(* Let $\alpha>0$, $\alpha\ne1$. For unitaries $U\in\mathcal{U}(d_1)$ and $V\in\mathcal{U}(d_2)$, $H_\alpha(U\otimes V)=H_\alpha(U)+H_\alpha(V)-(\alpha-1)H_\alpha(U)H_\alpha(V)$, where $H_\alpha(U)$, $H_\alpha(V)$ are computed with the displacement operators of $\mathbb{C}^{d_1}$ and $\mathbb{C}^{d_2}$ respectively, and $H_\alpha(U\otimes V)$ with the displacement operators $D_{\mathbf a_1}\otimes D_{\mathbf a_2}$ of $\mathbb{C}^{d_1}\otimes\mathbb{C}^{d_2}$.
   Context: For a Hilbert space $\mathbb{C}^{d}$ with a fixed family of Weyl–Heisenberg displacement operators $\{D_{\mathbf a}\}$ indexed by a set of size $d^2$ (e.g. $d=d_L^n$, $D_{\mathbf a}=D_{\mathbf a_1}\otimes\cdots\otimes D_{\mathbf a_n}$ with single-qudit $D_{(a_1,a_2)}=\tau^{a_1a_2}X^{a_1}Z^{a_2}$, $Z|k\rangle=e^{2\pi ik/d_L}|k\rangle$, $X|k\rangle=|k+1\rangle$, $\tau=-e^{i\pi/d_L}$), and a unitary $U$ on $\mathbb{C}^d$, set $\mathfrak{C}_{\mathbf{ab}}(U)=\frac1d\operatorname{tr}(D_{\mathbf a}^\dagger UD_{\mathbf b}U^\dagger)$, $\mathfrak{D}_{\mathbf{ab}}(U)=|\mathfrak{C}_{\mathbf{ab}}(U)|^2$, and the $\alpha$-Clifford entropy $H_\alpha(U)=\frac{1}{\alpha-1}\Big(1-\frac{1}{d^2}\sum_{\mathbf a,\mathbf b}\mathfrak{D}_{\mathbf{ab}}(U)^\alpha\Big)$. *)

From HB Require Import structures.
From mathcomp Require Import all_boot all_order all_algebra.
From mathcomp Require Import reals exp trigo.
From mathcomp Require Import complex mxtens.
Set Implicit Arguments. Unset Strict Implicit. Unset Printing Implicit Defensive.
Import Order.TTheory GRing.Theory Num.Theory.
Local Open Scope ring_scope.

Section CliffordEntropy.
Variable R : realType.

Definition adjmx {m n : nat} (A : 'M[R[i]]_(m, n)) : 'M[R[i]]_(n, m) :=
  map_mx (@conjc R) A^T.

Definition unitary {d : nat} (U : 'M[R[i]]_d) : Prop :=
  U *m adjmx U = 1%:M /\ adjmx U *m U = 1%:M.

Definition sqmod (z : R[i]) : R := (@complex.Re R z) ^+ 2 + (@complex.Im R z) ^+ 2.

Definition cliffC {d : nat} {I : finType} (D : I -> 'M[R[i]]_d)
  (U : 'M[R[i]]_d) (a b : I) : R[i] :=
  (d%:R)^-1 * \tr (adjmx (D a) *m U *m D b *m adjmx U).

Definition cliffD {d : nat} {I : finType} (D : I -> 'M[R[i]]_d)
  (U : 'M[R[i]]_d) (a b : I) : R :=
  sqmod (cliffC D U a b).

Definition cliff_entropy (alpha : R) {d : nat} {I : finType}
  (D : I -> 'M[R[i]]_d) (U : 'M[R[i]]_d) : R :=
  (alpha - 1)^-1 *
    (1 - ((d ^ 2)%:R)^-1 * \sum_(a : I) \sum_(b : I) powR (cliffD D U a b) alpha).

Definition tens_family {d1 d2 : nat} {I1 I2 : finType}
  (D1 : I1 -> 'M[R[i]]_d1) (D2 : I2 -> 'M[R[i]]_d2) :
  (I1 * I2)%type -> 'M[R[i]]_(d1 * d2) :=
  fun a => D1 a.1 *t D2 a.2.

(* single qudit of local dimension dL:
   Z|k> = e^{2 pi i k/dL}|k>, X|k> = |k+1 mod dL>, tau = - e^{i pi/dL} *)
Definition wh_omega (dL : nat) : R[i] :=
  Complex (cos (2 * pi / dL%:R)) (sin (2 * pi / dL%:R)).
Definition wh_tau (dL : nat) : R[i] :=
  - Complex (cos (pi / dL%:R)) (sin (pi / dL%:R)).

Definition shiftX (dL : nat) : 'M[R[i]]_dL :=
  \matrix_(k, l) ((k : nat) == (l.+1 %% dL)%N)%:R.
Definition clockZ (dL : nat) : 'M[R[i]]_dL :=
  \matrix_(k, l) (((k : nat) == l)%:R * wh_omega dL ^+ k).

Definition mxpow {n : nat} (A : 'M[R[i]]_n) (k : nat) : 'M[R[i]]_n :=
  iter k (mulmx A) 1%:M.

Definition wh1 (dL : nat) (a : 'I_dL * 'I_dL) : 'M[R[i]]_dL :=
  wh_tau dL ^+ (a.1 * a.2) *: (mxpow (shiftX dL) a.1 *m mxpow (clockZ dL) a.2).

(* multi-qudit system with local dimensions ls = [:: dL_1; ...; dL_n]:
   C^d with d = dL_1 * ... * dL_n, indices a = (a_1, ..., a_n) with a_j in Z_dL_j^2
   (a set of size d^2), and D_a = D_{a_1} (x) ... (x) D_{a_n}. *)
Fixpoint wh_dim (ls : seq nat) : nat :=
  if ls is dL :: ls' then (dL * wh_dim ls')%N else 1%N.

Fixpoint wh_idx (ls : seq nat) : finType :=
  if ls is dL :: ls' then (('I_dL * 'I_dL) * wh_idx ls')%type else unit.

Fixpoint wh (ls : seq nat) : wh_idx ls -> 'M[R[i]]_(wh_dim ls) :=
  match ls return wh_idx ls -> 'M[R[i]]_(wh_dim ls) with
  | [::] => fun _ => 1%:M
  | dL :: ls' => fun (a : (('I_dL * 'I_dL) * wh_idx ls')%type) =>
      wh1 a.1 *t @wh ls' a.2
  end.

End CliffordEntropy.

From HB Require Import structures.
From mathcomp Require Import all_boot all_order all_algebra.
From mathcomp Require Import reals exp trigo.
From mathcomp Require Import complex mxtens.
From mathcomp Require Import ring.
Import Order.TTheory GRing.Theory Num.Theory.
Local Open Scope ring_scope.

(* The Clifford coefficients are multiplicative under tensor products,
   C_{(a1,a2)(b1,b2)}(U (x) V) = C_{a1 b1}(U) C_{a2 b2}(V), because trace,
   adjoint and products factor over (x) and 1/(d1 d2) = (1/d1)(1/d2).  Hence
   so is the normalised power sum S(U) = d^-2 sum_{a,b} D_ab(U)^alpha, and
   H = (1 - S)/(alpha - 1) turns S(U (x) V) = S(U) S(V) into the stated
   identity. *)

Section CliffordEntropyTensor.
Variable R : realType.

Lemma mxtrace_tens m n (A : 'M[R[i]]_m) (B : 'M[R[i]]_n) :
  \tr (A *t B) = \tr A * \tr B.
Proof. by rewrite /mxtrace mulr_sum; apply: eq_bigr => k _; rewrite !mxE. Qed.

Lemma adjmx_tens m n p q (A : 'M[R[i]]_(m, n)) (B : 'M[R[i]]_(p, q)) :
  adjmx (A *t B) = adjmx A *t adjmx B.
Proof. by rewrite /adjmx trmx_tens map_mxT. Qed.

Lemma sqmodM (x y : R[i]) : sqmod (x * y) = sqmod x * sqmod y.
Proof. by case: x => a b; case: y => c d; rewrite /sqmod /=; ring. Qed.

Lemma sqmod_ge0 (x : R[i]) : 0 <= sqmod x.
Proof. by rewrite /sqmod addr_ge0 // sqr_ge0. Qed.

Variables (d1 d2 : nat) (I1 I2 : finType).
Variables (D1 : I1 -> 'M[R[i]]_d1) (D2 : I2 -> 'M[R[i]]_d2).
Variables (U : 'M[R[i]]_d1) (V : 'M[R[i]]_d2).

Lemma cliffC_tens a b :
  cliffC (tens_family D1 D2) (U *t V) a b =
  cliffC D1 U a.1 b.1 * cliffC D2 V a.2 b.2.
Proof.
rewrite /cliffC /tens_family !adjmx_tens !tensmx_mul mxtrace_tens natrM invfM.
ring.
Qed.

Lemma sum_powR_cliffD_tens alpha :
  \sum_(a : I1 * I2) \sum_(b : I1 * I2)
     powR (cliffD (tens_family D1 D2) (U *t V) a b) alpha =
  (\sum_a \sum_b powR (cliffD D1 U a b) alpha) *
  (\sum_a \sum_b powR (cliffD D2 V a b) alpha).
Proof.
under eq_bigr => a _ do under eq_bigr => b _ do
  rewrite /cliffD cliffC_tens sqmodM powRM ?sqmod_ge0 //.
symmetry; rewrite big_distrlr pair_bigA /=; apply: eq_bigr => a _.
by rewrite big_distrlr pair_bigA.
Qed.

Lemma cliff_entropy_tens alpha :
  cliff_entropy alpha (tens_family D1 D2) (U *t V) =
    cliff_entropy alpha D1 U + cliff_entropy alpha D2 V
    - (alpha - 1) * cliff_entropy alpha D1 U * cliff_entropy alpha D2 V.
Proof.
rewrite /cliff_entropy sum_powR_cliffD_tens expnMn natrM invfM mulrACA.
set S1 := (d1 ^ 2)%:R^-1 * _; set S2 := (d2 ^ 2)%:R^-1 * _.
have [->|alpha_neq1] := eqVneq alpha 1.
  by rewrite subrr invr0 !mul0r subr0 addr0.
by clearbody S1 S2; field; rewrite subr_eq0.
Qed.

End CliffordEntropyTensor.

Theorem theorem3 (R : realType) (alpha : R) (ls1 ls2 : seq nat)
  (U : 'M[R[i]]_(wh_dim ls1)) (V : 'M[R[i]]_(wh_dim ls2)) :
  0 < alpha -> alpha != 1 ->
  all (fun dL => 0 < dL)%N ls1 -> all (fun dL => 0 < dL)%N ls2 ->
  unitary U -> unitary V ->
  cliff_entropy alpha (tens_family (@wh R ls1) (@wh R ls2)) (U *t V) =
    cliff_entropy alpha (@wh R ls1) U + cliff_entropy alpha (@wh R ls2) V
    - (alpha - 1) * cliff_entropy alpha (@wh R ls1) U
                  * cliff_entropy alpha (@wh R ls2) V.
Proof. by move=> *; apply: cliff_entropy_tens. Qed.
+--
§ What you have to do:
Look above for the line with "Definition wh_tau (dL" and the line with "identity. *)". Write out those two lines and all the lines between them, exactly, and no others.

§ Exercise response:
Definition wh_tau (dL : nat) : R[i] :=
  - Complex (cos (pi / dL%:R)) (sin (pi / dL%:R)).

Definition shiftX (dL : nat) : 'M[R[i]]_dL :=
  \matrix_(k, l) ((k : nat) == (l.+1 %% dL)%N)%:R.
Definition clockZ (dL : nat) : 'M[R[i]]_dL :=
  \matrix_(k, l) (((k : nat) == l)%:R * wh_omega dL ^+ k).

Definition mxpow {n : nat} (A : 'M[R[i]]_n) (k : nat) : 'M[R[i]]_n :=
  iter k (mulmx A) 1%:M.

Definition wh1 (dL : nat) (a : 'I_dL * 'I_dL) : 'M[R[i]]_dL :=
  wh_tau dL ^+ (a.1 * a.2) *: (mxpow (shiftX dL) a.1 *m mxpow (clockZ dL) a.2).

(* multi-qudit system with local dimensions ls = [:: dL_1; ...; dL_n]:
   C^d with d = dL_1 * ... * dL_n, indices a = (a_1, ..., a_n) with a_j in Z_dL_j^2
   (a set of size d^2), and D_a = D_{a_1} (x) ... (x) D_{a_n}. *)
Fixpoint wh_dim (ls : seq nat) : nat :=
  if ls is dL :: ls' then (dL * wh_dim ls')%N else 1%N.

Fixpoint wh_idx (ls : seq nat) : finType :=
  if ls is dL :: ls' then (('I_dL * 'I_dL) * wh_idx ls')%type else unit.

Fixpoint wh (ls : seq nat) : wh_idx ls -> 'M[R[i]]_(wh_dim ls) :=
  match ls return wh_idx ls -> 'M[R[i]]_(wh_dim ls) with
  | [::] => fun _ => 1%:M
  | dL :: ls' => fun (a : (('I_dL * 'I_dL) * wh_idx ls')%type) =>
      wh1 a.1 *t @wh ls' a.2
  end.

End CliffordEntropy.

From HB Require Import structures.
From mathcomp Require Import all_boot all_order all_algebra.
From mathcomp Require Import reals exp trigo.
From mathcomp Require Import complex mxtens.
From mathcomp Require Import ring.
Import Order.TTheory GRing.Theory Num.Theory.
Local Open Scope ring_scope.

(* The Clifford coefficients are multiplicative under tensor products,
   C_{(a1,a2)(b1,b2)}(U (x) V) = C_{a1 b1}(U) C_{a2 b2}(V), because trace,
   adjoint and products factor over (x) and 1/(d1 d2) = (1/d1)(1/d2).  Hence
   so is the normalised power sum S(U) = d^-2 sum_{a,b} D_ab(U)^alpha, and
   H = (1 - S)/(alpha - 1) turns S(U (x) V) = S(U) S(V) into the stated
   identity. *)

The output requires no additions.